After connecting the force scale to block 1, pull the scale horizontally and note the force reading just before the block begins to slide. Record this maximal static friction force and repeat this measurement five times to obtain multiple data sets. Perform the same procedure using block 2 and record these values.
Next, with the force scale connected to block 1, pull the scale at a constant speed and note the kinetic friction force on the gauge. Repeat this measurement five times to obtain multiple data sets. Again, perform the same procedure using block 2 and record these values.
Now, place block 1 on top of block 2 and pull the scale at a constant speed to determine the kinetic friction force. Repeat this measurement five times and calculate the average. Then perform the same procedure with block 2 on top of block 1.
For the next experiment, turn block 1 such that the smaller surface area faces the table and attach it to the force scale. Now measure the static friction force as before by making note of the force before the block begins to slide. Repeat this measurement five times to obtain multiple data sets.

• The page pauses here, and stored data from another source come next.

Lemma R_le0_add x y : Rleb 0 x -> Rleb 0 y -> Rleb 0 (x + y).
Proof. move=> /RlebP h1 /RlebP h2; apply/RlebP; lra. Qed.
Lemma R_le0_mul x y : Rleb 0 x -> Rleb 0 y -> Rleb 0 (x * y).
Proof. move=> /RlebP h1 /RlebP h2; apply/RlebP; exact: Rmult_le_pos. Qed.
Lemma R_le0_anti x : Rleb 0 x -> Rleb x 0 -> x = 0.
Proof. move=> /RlebP h1 /RlebP h2; apply: Rle_antisym. exact: h2. exact: h1. Qed.
Lemma R_sub_ge0 x y : Rleb 0 (y - x) = Rleb x y.
Proof. by apply/RlebP/RlebP; rewrite /Rminus; lra. Qed.
Lemma R_le0_total x : Rleb 0 x || Rleb x 0.
Proof. case: (Rle_dec 0 x) => h; [by rewrite /Rleb; case: Rle_dec|].
by apply/orP; right; apply/RlebP; lra. Qed.
Lemma R_normN x : Rabs (- x) = Rabs x. Proof. exact: Rabs_Ropp. Qed.
Lemma R_ge0_norm x : Rleb 0 x -> Rabs x = x.
Proof. by move=> /RlebP h; apply: Rabs_right; lra. Qed.
Lemma R_lt_def x y : Rltb x y = (y != x) && Rleb x y.
Proof.
apply/RltbP/andP => [h|[/eqP h1 /RlebP h2]]; last by lra.
by split; [apply/eqP; lra| apply/RlebP; lra].
Qed.
HB.instance Definition _ := Num.IntegralDomain_isLeReal.Build R
  R_le0_add R_le0_mul R_le0_anti R_sub_ge0 R_le0_total R_normN R_ge0_norm R_lt_def.


Definition psd (n : nat) (M : 'M[R]_n) : Prop :=
  M^T = M /\ forall x : 'cV[R]_n, 0 <= (x^T *m M *m x) 0 0.

Definition subm (n k : nat) (M : 'M[R]_n) (s : 'I_k -> 'I_n) : 'M[R]_k :=
  \matrix_(i < k, j < k) M (s i) (s j).

Definition pminor (n : nat) (M : 'M[R]_n) (T : {set 'I_n}) : R :=
  \det (subm M (fun i : 'I_#|T| => enum_val i)).

Definition msd (n : nat) (j : nat) (M : 'M[R]_n) : R :=
  \big[Num.max/0]_(T : {set 'I_n} | #|T| == j) pminor M T.

Definition feasible (n d : nat) (c : 'I_n -> R) : Prop :=
  (forall i, 0 <= c i) /\ \sum_i c i = d%:R.

Definition wmx (n d : nat) (V : 'M[R]_(d, n)) (c : 'I_n -> R) : 'M[R]_d :=
  \sum_i c i *: (col i V *m (col i V)^T).

(* ln det A in the extended reals: None stands for -infinity
   (ln det of a singular matrix is -infinity; for the PSD matrices
   occurring here det is never negative). *)
Definition lndet (d : nat) (A : 'M[R]_d) : option R :=
  if 0 < \det A then Some (ln (\det A)) else None.

Definition ext_ge_sub (x y : option R) (a : R) : Prop :=
  match y with
  | None => True
  | Some yv => match x with None => False | Some xv => yv - a <= xv end
  end.

(* c is alpha-optimal for  max ln det (sum c_i v_i v_i^T)  s.t. feasible c:
   c is feasible and its objective value is at least v* - alpha, where v*
   is the optimal value (i.e. at least (value of c') - alpha for every
   feasible c'). *)
Definition alpha_optimal (n d : nat) (V : 'M[R]_(d, n)) (alpha : R)
    (c : 'I_n -> R) : Prop :=
  feasible d c /\
  forall c' : 'I_n -> R, feasible d c' ->
    ext_ge_sub (lndet (wmx V c)) (lndet (wmx V c')) alpha.

(* E det(M_{S,S}) where S = (s_1,...,s_d) consists of d indices drawn
   independently with replacement, Pr[s_k = l] = c_l / d. *)
Definition expected_det (n d : nat) (M : 'M[R]_n) (c : 'I_n -> R) : R :=
  \sum_(s : {ffun 'I_d -> 'I_n})
     (\prod_(k < d) (c (s k) / d%:R)) * \det (subm M s).

Local Close Scope ring_scope.
Definition stirling_ratio (k : nat) : R :=
  (INR (k`!) / (INR k ^ k)) / (sqrt (2 * PI * INR k) * exp (- INR k)).

(* Expanding det (sum_i c_i v_i v_i^T) multilinearly and symmetrising over
   permutations of the columns gives
     d! det (sum_i c_i v_i v_i^T) = sum_f (prod_j c_(f j)) det (V_f)^2,
   where V_f has columns v_(f 1), ..., v_(f d); since det (M_(S,S)) = det (V_S)^2,
   this says E det (M_(S,S)) = d!/d^d det (sum_i c_i v_i v_i^T).  For a d-set T
   the indicator of T is feasible with objective ln det (M_(T,T)), so
   alpha-optimality gives det (sum_i c_i v_i v_i^T) >= e^-alpha msd_d (M).
   For the asymptotics, a_n = ln n! - (n + 1/2) ln n + n is decreasing and
   bounded below, and Wallis' integrals W_n = int_0^(pi/2) sin^n, through
   (2n+1) W_(2n+1) W_(2n) = pi/2 and W_(2n+1) / W_(2n) -> 1, identify its limit
   as ln (2 pi) / 2. *)

From Stdlib Require Import Reals Lra.
From mathcomp Require Import all_boot all_order all_algebra all_fingroup.
From Coquelicot Require Coquelicot.
Set Implicit Arguments. Unset Strict Implicit. Unset Printing Implicit Defensive.

Module Stirling.
Import Coquelicot.Coquelicot.
Local Open Scope R_scope.

Lemma le_is_derive_ge0 (F F' : R -> R) (a t : R) :
  (forall x, a <= x -> is_derive F x (F' x)) ->
  (forall x, a <= x -> 0 <= F' x) -> a <= t -> F a <= F t.
Proof.
move=> dF F'_ge0 /Rle_lt_or_eq_dec [lt_at|<-]; last exact: Rle_refl.
have [x [eq_dF [ax _]]] := MVT_cor2 F F' a t lt_at
  (fun x hx => proj1 (is_derive_Reals F x (F' x)) (dF x (proj1 hx))).
have := F'_ge0 x (Rlt_le _ _ ax); nra.
Qed.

For the last experiment, place block 1 on the adjustable incline plane with the plane initially at an angle of zero degrees. Slowly raise the angle of the plane and use a protractor to determine the angle at which the block begins to slide. Again, repeat this measurement five times to obtain multiple data sets and perform the same procedure using block 2.
For the experiments performed on horizontal surface, the normal force on the blocks is equal to the weight, that is mass times g. Since the mass of block 1 and 2 for both static and kinetic friction experiments are the same, Fnorm is the same in all four cases. Using the average of the measured force values for the various experiments, and the formulae for both frictions, the coefficients of friction can be calculated.
As expected, the coefficient of static friction is greater than the coefficient of kinetic friction. Furthermore, the respective coefficients for the two blocks are different since they each possess a different surface roughness.
In the stacked blocks experiment, we know that the mass doubles in both cases, so we can calculate the new Fnorm. We already know μk for the block in contact with the surface. Using this we can calculate the kinetic friction force, which agrees well with the measured force during the experiment.
The friction force measured following a change in orientation of block 1 demonstrated that the contact surface area does not affect the force of friction. The discrepancies between the calculated and measured forces are consistent with the estimated errors associated with reading the force scale while maintaining a constant speed.
For the inclined plane experiments, the angle of repose was measured. Using this angle, the coefficients of static friction could be determined, and here the values compare favorably with the coefficients measured from the horizontal sliding measurements.
Studying friction is important in several applications, as it can either be highly beneficial or a phenomenon that must be minimized.
It is extremely important for automobile tire manufactures to study friction, as it allows tires to gain traction on a road. Therefore, when it rains, the water and residual oils on the road significantly reduce the coefficient of friction, making sliding and accidents much more likely.
While engineers want to increase friction for car tires, for engines and machinery in general they want to reduce it, as friction between metals can generate heat and damage their structures. Therefore, engineers constantly study lubricants that may help in decreasing the coefficient of friction between two surfaces.
You’ve just watched JoVE’s introduction to Friction. You should now understand what factors contribute to the magnitude of friction, the different types of friction, and the underlying physical mechanisms that govern it. As always, thanks for watching!